What a Difference an Open Heart Makes
By Rosie Terfer
Road conditions were a little iffy when the semi-truck jack-knifed in front of me on the freeway. Just like they say, everything went into slow motion; and I avoided crashing. I carefully pulled my car around the semi and searched frantically for my cell phone. My hands shook; I couldn’t locate my phone. I considered checking on the driver of the semi; I saw no movement from where my car was safely stopped. As a couple more cars pulled in beside me, I drove away. My hands shook uncontrollably. I could have died! I didn’t want to look at the bloody body of the truck driver. After all, I had other places to be! I hoped someone else had found their phone and checked on the driver of that truck. It wasn’t going to be me. I’m not cut out for that kind of stuff.
Fast forward 3 months. On Wednesday, I had a heart-opening psychedelic experience. Love was coursing through my veins; my entire being basked in the afterglow of peace and calm. As I drove to the grocery store on Thursday, another collision happened within 4 feet of my car as I waited in the turn-lane. Since I had a red light, I found my cell phone and called 911. That was easy enough. Then, the light turned green, and I made my left turn into the parking lot. Without a thought, I walked back to the scene of the accident, where the police car was already arriving. I saw a young woman standing by her smashed car. She was shaking like a leaf, crying and gesturing wildly. I quietly walked up to her, extended my arms and said, “Come here. I’ve got you.” She leaned in as I cradled her shaking body. I held her tight and sent steams of calm love into her agitated nervous system. I channeled into her the same care I regularly give to my grandson; unconditional love. Within minutes, she calmed and stopped shaking. A paramedic came along, and took the young woman to the ambulance for a first aid assessment. All I know about her is that her name is Kelsey and she has a young daughter.

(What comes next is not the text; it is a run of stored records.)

Lemma ind_lift_free : row_free ind_lift.
Proof.
have [/graded_deg_proj Hd _] := ind_lift_eqmor; have [_ Hu _] := HO.
rewrite -kermx_eq0; apply/eqP; have := mulmx_ker ind_lift.
move: (kermx ind_lift) => Z ZL.
have Zout b : b \in orb a -> Z *m ind_out a V b = 0.
  move=> Hb; apply: (row_free_inj Jfree); rewrite /= mul0mx.
  have : Z *m ind_out a V b *m J *m u (transporter a b) = 0.
    rewrite -mulmxA -ind_in_lift // !mulmxA -(mulmxA Z) -deg_proj_induced.
    by rewrite -mulmxA Hd mulmxA ZL mul0mx.
  by move/(congr1 (mulmx^~ (invmx (u (transporter a b))))); rewrite mulmxK // mul0mx.
rewrite -[Z]mulmx1 -(sum_ind_out_in a V) mulmx_sumr big1 // => b Hb.
by rewrite mulmxA Zout // mul0mx.
Qed.

End Lift.

Lemma simple_iso_induced : simple_eqobj act gamma O -> deg_proj O a != 0 ->
  exists V, irr_tmod S (fun g h => gamma g h a) V /\ eq_iso O (induced a V).
Proof.
move=> [_ Osimple] /exists_irr_restr[m [J [Jfree Jsupp Jstable Virr]]].
exists (restr J); split=> //; apply: eq_iso_sym.
have Lmor := ind_lift_eqmor Jsupp Jstable.
have Lfree := ind_lift_free Jfree Jsupp Jstable.
have [N0|Lfull] := Osimple _ _ (induced_eqobj Virr.1) Lmor Lfree.
  by move: (induced_dim_gt0 a Virr.2.1); rewrite -[ind_dim _ _]/(eq_dim (induced a _)) N0.
by exists (ind_lift J).
Qed.

End Restriction.

(** * Classification of simple objects *)

Lemma induced_iso_orb a a' V V' : (0 < tm_dim V)%N ->
  eq_iso (induced a V) (induced a' V') -> a' \in orb a.
Proof.
move=> dim_gt0 [F [[Hd _] Ffree _]].
have : F != 0 by rewrite -mxrank_eq0 (eqP Ffree) -lt0n induced_dim_gt0.
case/matrix0Pn=> k [l /Hd /= Ekl].
by apply: (orb_meet (ind_deg_orb k)); rewrite Ekl ind_deg_orb.
Qed.

Section Classification.
Variable R : {set xT}.
Hypothesis HR : orbit_reps act R.

Lemma induced_iso_iff a V a' V' : a \in R -> a' \in R -> (0 < tm_dim V)%N ->
  eq_iso (induced a V) (induced a' V') <-> a = a' /\ tmod_iso (Stab act a) V V'.
Proof.
move=> Ha Ha' dim_gt0; split=> [iso | [<- /tmod_iso_induced_iso //]].
have Eaa' := orbit_reps_eq HR Ha Ha' (induced_iso_orb dim_gt0 iso).
by subst a'; split=> //; exact: induced_iso_tmod_iso.
Qed.

Theorem induced_classification :
  [/\ (forall a V, a \in R -> irr_tmod (Stab act a) (fun g h => gamma g h a) V ->
         is_eqobj act gamma (induced a V) /\ simple_eqobj act gamma (induced a V)),
      (forall a V a' V', a \in R -> irr_tmod (Stab act a) (fun g h => gamma g h a) V ->
         a' \in R -> irr_tmod (Stab act a') (fun g h => gamma g h a') V' ->
         (eq_iso (induced a V) (induced a' V') <-> a = a' /\ tmod_iso (Stab act a) V V'))
    & (forall O, is_eqobj act gamma O -> simple_eqobj act gamma O ->
         exists a V, [/\ a \in R, irr_tmod (Stab act a) (fun g h => gamma g h a) V
                        & eq_iso O (induced a V)])].
Proof.
split=> [a V _ Virr | a V a' V' Ha Virr Ha' _ | O HO Osimple].
- by split; [exact: induced_eqobj Virr.1 | exact: induced_simple].
- exact: induced_iso_iff Virr.2.1.
have [r Hr Dr] := orbit_reps_deg_proj HR HO Osimple.1.
by have [V [Virr iso]] := simple_iso_induced HO Osimple Dr; exists r, V.
Qed.

End Classification.

End TwistedInduction.
End Equivariant.

Local Close Scope ring_scope.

A police officer approached me and asked, “Are you her mother?” I replied, “no, I’m not. I don’t even know her, but I could see that she really needed a hug right now.” The officer seemed surprised, but quickly said, “I’ve been waiting years for someone to hug me!” I threw open my arms and he leaned his bulky, stiff body into my warm embrace. I thanked him for serving as a policeman and helping people like this young woman. He quietly accepted my thanks.
After I provided details of the scene I witnessed just a few feet from my car, he asked if I could safely return to my own vehicle. I calmly replied, “Yes, I know how to do that.”
Indeed, I know how to do so much more than safely return to my car. My psychedelic journey the previous day had shown me that I’m a strong powerful woman, with a HUGE heart. I saw that it does not deplete my heart or soul to give freely to others. I saw that compassion is not a commodity to be carefully doled out to just the people in my immediate circle. There is enough compassion within me to surround everyone on the planet.
I’ve tapped in to the universal love-force, which connects me in unseen ways with everybody. Getting up close to the accident showed me that I know how to bring my open heart to the pain of another person; to do a random act of kindness for a stranger. I know how to stay calm in chaos; how to keep my inner peace when scary events swirl around me. What was the difference between the semi-truck crash and the other accident? I believe it was the heart-opening I had experienced the day before on my psychedelic journey. Each journey brings me closer to my divine core of peaceful power and infinite love. Hugging a stranger at an accident scene is just outward manifestation of the inner transformation. I feel myself grounded to the infinite love at the core of all beings. I can show up for myself and others in new, healthy ways.
I’m so grateful for all that I learn on my psychedelic journeys. This accident came along to show me that I am integrating my psychedelic love into my ordinary everyday experiences. And there is such power and grace in seeing that! My heart continues to sing a happy song and glow with love!